* [Your instructions]: Select and reproduce each line of the listing below that bears the string "indicator".

* [Records for this exercise]:
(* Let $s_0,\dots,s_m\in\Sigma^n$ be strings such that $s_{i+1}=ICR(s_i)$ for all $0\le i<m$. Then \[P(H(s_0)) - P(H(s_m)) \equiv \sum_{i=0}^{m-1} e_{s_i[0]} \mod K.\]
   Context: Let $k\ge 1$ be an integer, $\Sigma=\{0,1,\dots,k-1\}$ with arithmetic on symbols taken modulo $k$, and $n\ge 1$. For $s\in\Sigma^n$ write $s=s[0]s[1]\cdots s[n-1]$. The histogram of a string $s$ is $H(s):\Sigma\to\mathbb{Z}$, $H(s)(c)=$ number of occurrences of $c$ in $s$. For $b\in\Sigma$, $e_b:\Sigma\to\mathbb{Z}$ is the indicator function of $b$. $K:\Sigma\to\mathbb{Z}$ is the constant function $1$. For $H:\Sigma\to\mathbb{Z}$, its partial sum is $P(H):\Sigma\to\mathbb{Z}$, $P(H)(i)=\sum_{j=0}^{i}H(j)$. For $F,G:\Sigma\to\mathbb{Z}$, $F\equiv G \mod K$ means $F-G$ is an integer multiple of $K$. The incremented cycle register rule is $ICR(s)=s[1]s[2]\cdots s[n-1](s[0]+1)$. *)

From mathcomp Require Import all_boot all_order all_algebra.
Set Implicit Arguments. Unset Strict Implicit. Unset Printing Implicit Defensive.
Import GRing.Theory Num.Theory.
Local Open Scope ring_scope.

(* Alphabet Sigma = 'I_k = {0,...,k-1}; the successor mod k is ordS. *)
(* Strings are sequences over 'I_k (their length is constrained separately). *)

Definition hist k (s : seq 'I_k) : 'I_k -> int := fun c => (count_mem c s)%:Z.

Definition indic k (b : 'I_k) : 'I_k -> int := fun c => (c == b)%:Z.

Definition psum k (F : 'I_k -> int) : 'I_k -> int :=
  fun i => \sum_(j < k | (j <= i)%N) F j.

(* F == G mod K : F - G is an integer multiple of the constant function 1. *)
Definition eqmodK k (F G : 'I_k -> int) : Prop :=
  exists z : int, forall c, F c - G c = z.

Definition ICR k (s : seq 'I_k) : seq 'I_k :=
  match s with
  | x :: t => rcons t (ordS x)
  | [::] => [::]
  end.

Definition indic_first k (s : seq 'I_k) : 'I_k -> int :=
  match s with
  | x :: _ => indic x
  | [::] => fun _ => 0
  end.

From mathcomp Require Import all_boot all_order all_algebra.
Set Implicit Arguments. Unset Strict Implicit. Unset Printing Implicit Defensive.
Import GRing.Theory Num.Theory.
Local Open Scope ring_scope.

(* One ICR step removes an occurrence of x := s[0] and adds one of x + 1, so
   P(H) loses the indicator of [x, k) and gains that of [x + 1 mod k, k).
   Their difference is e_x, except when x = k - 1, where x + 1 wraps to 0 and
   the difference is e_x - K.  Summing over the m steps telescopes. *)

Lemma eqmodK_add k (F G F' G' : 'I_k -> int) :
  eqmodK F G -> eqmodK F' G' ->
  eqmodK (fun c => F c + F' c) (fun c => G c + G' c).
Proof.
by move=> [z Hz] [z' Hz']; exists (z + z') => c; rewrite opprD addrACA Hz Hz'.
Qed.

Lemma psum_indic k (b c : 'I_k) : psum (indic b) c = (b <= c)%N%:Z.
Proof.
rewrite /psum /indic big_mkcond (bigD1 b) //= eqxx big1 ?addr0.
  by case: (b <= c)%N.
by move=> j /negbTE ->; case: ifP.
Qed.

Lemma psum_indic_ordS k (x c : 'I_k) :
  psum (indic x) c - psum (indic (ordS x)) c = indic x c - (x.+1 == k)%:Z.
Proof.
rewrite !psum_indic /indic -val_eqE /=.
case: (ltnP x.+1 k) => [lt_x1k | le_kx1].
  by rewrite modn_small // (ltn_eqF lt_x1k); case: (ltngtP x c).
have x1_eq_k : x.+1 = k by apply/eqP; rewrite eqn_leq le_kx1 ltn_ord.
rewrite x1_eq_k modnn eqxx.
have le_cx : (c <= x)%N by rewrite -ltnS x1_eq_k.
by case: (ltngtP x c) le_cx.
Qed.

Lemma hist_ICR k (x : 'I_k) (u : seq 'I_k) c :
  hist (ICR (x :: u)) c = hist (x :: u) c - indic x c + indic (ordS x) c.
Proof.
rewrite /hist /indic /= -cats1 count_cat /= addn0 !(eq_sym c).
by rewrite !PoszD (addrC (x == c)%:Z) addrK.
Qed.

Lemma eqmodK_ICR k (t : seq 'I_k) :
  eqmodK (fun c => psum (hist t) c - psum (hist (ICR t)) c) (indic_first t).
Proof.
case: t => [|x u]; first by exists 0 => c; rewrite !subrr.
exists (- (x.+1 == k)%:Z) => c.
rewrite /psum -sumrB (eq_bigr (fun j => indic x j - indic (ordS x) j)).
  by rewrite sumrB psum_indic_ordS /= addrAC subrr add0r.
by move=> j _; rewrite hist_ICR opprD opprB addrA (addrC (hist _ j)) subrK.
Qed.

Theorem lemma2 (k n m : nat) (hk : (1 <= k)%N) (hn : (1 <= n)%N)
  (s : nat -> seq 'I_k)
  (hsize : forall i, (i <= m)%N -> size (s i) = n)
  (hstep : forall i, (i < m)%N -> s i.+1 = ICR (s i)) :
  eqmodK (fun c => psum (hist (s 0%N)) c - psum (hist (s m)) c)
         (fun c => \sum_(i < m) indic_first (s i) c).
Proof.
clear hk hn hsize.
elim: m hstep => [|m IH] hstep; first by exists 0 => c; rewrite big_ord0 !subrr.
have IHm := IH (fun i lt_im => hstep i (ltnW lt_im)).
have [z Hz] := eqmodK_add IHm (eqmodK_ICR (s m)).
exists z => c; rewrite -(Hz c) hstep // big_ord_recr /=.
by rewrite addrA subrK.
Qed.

* [Final answer]:
   Context: Let $k\ge 1$ be an integer, $\Sigma=\{0,1,\dots,k-1\}$ with arithmetic on symbols taken modulo $k$, and $n\ge 1$. For $s\in\Sigma^n$ write $s=s[0]s[1]\cdots s[n-1]$. The histogram of a string $s$ is $H(s):\Sigma\to\mathbb{Z}$, $H(s)(c)=$ number of occurrences of $c$ in $s$. For $b\in\Sigma$, $e_b:\Sigma\to\mathbb{Z}$ is the indicator function of $b$. $K:\Sigma\to\mathbb{Z}$ is the constant function $1$. For $H:\Sigma\to\mathbb{Z}$, its partial sum is $P(H):\Sigma\to\mathbb{Z}$, $P(H)(i)=\sum_{j=0}^{i}H(j)$. For $F,G:\Sigma\to\mathbb{Z}$, $F\equiv G \mod K$ means $F-G$ is an integer multiple of $K$. The incremented cycle register rule is $ICR(s)=s[1]s[2]\cdots s[n-1](s[0]+1)$. *)
   P(H) loses the indicator of [x, k) and gains that of [x + 1 mod k, k).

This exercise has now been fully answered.